This post was written by Rosalía Iriye, who attended the 2025 DLF Forum as a Student Fellow. The views and opinions expressed in this blog post are solely those of the author and do not necessarily reflect the official policy or position of the Digital Library Federation or CLIR. 2025 Student Fellowships were supported by a grant from MetaArchive.
Rosalía Iriye is a Master in Library and Information Science at University of California – Los Angeles (UCLA), B.A. Labor Studies. She is currently the Digital Collections Manager for the UCLA Institute for Research on Labor and Employment (IRLE) labor archive, supporting in community digitization partnerships with labor organizations such as Asian Pacific American Labor Alliance (APALA AFL-CIO) LA chapter and Garment Worker Center. She previously worked on California State Library and National Endowment of the Humanities queer cataloging/reparative metadata grants with the UCLA Chicano Studies Research Center library/archive. Iriye most recently interned in digital records management with the National Park Service, and volunteers in herbaria and natural history collections digitization with the UCLA Mathias Botanic Garden, Los Angeles County Arboretum & Botanic Garden, and California Botanic Garden. She hopes to learn more about digital preservation for public histories, exploring research data in environmental conservation and industrial/labor histories.
My graduate research explores how digital preservation requires a commitment to sustainability and labor, from open science and the research collections we preserve, to engaging critically and empathetically with our own digital workflows; I’ve seen these values emerge throughout the forum, and am grateful to have attended my first Digital Library Federation through this fellowship.
Plenary began with Dr. KáLyn “Kay” Coghill’s exploration of online protection against gender-based violence, and how we all, librarians and moreso as individuals, can contribute to digital gardens in our creation of online landscapes. Lightning talks followed such as Jonathan Page’s “A Brief History of Times Fighting Bots” and Lauren Turner’s “Start Here: Born-Digital Archiving in 5 Minutes (Spoiler: It’s a Journey, Not a Sprint)” that humanized the work surrounding today’s web-crawling, both protecting repositories from recent surges in data mining and the workflows needed to begin preservation internally. This work is so timely in the everchanging environment of digital preservation, yet grounding to assess our own capacities in a moment of constant change.

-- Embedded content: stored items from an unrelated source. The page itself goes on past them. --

Lemma Ex_tail_envelope_fin_num : (forall x, 0 <= p x) ->
  (Ex mu p (fun x => (dens_ratio p q x ^+ 2)%:E) < +oo)%E ->
  (Ex mu p (fun x => (sup_norm (theta0 x) ^+ 8)%:E) < +oo)%E ->
  (Ex mu p (fun x => (expR (vs * sup_norm x ^+ 2))%:E) < +oo)%E ->
  (Ex mu p (fun x => (tail_envelope x)%:E) \is a fin_num)%E.
Proof.
move=> p0 ratio2 moment8 gauss.
have mr2 := mratio2; have mt8 := mtheta8; have mg := mgauss.
rewrite ge0_fin_numE; last first.
  by apply: integral_ge0 => x _; rewrite -EFinM lee_fin mulr_ge0 ?tail_envelope_ge0.
have ratio2_ge0 x : 0 <= dens_ratio p q x ^+ 2 by exact: sqr_ge0.
have theta8_ge0 x : 0 <= sup_norm (theta0 x) ^+ 8 by exact: exprn_even_ge0.
apply: Ex_lt_pinftyD => //; first exact: measurable_funD.
  by move=> x; rewrite addr_ge0.
exact: Ex_lt_pinftyD.
Qed.

End TailEnvelope.

Theorem proposition4p4 (R : realType) (d dth : nat)
  (mu : {measure set (d.-tuple R) -> \bar R})
  (p q : d.-tuple R -> R)
  (dO : measure_display) (Omega : measurableType dO) (P : probability Omega R)
  (theta0 : d.-tuple R -> dth.-tuple R)
  (thetahat : nat -> Omega -> d.-tuple R -> dth.-tuple R)
  (xi : nat -> R) (c m : R) :
  is_lebesgue_tuple mu ->
  measurable_fun setT p -> measurable_fun setT q ->
  (forall x, 0 <= p x) -> (forall x, 0 <= q x) ->
  (\int[mu]_x (p x)%:E = 1)%E -> (\int[mu]_x (q x)%:E = 1)%E ->
  (forall x, 0 < q x -> 0 < p x) ->
  measurable_fun setT theta0 ->
  (forall N, measurable_fun setT (fun z : Omega * d.-tuple R => thetahat N z.1 z.2)) ->
  (forall N, (1 <= N)%N ->
     Exw P mu p (fun w x => (if xi N < sup_norm (thetahat N w x) then 1 else 0)%:E)
     = 0%E) ->
  (Ex mu p (fun x => (sup_norm (theta0 x) ^+ 8)%:E) < +oo)%E ->
  0 < c -> 0 <= m ->
  (forall x, dens_ratio p q x <= c * expR (m * sup_norm x)) ->
  (Ex mu p (fun x => (dens_ratio p q x ^+ 2)%:E) < +oo)%E ->
  (exists2 vs : R, 0 < vs &
     (Ex mu p (fun x => (expR (vs * sup_norm x ^+ 2))%:E) < +oo)%E) ->
  exists c1 c2 c3 : R, forall N : nat, (2 <= N)%N ->
    Exw P mu q (fun w x => (dist2_sq (thetahat N w x) (theta0 x))%:E)
    = Exw P mu p (fun w x =>
        (dist2_sq (thetahat N w x) (theta0 x) * dens_ratio p q x)%:E)
    /\
    (Exw P mu p (fun w x =>
        (dist2_sq (thetahat N w x) (theta0 x) * dens_ratio p q x)%:E)
     <= (c1 * expR (c2 * Num.sqrt (ln N%:R)))%:E
          * Exw P mu p (fun w x => (dist2_sq (thetahat N w x) (theta0 x))%:E)
        + (c3 * dth%:R * (xi N ^+ 2 + 1) / N%:R)%:E)%E.
Proof.
move=> leb mp mq p0 q0 _ _ qp mtheta0 mthetahat bounded moment8 c0 m0 ratio_exp
  ratio2 [vs vs0 gauss].
set G := tail_envelope p q theta0 vs.
have G_fin := Ex_tail_envelope_fin_num mp mq mtheta0 p0 ratio2 moment8 gauss.
exists c, (2 * m / Num.sqrt vs), (2 * fine (Ex mu p (fun x => (G x)%:E))) => N N2.
split; first exact: Exw_change_density.
have -> : (2 * fine (Ex mu p (fun x => (G x)%:E)) * dth%:R * (xi N ^+ 2 + 1) / N%:R)%:E =
    ((2 * dth%:R * (xi N ^+ 2 + 1) / N%:R)%:E * Ex mu p (fun x => (G x)%:E))%E.
  by rewrite -[in RHS](fineK G_fin) -EFinM; congr EFin; ring.
apply: (Exw_weighted_le _ _ (lebesgue_tuple_sigma_finite leb)
  (b := fun w x => xi N < sup_norm (thetahat N w x))) => //.
- exact: measurable_dist2_sq (measurableT_comp mtheta0 measurable_snd).
- exact: measurable_dens_ratio.
- exact: measurable_tail_envelope.
- apply: measurable_fun_ltr; first exact: measurable_cst.
  exact: measurable_sup_norm (mthetahat N).
- by move=> w x; exact: dist2_sq_ge0.
- by move=> x; rewrite divr_ge0.
- exact: tail_envelope_ge0.
- by rewrite mulr_ge0 ?expR_ge0 ?ltW.
- by rewrite !mulr_ge0 ?invr_ge0 ?addr_ge0 ?sqr_ge0.
- move=> w x; rewrite -leNgt => thetahat_le.
  apply: mul_dens_ratio_le; rewrite ?divr_ge0 ?dist2_sq_ge0 //; first exact: ltnW.
  exact: dist2_sq_le.
- exact/bounded/ltnW.
Qed.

I went on to attend session introducing the systems-agnostic conceptual-model Delivering Archives and Digital Objects: a Conceptual Model (DadoCM). Emphasizing the relationship between archival and digital records across digital publishing platforms, I appreciated this model’s development from workshops across repositories and from open standards of International Image Interoperatability Framework (IIIF).
My interest in archival metadata and GIS expanded in geospatial librarianship when attending “Allmaps: Open Source Georeferencing for Historical Maps”, the workshop coinciding with the announcement of IIIF’s partnership with AllMaps. I was inspired by this commitment to open science and IIIF-delivery, with all georeferenced data from the software being published as openly licensed datasets. Explorations in open data grew from sessions providing toolkits and frameworks for data advocacy. Session “Why keep data science local? Case Studies from Two Universities Building Scholarly Indices with Open Data to Improve Institutional Data Literacy” saw value too beyond its open data, the panel conversation bridging seemingly localized skills of digital librarians into a network of relationships and research data collaboration.
Overarchingly, I’m fortunate to have attended collaborative session “Planning What’s Next for the DLF Climate Justice Working Group”, exploring critical approaches and information literacy to AI workflows and data center expansions in digital repositories. Conversations in later sessions grew from “Measuring and Critiquing genAI tools for Geographic Metadata Creation”, finding low accuracy in large language models’ (LLM) for generating geographic metadata for historic photograph and map collections. It was a grounding moment again, amidst adaptation in the digital world, to find more confidence in our geographies, our histories, and one another in its stewardship. Thank you again Digital Library Federation for the opportunity to travel to Denver for DLF Forum!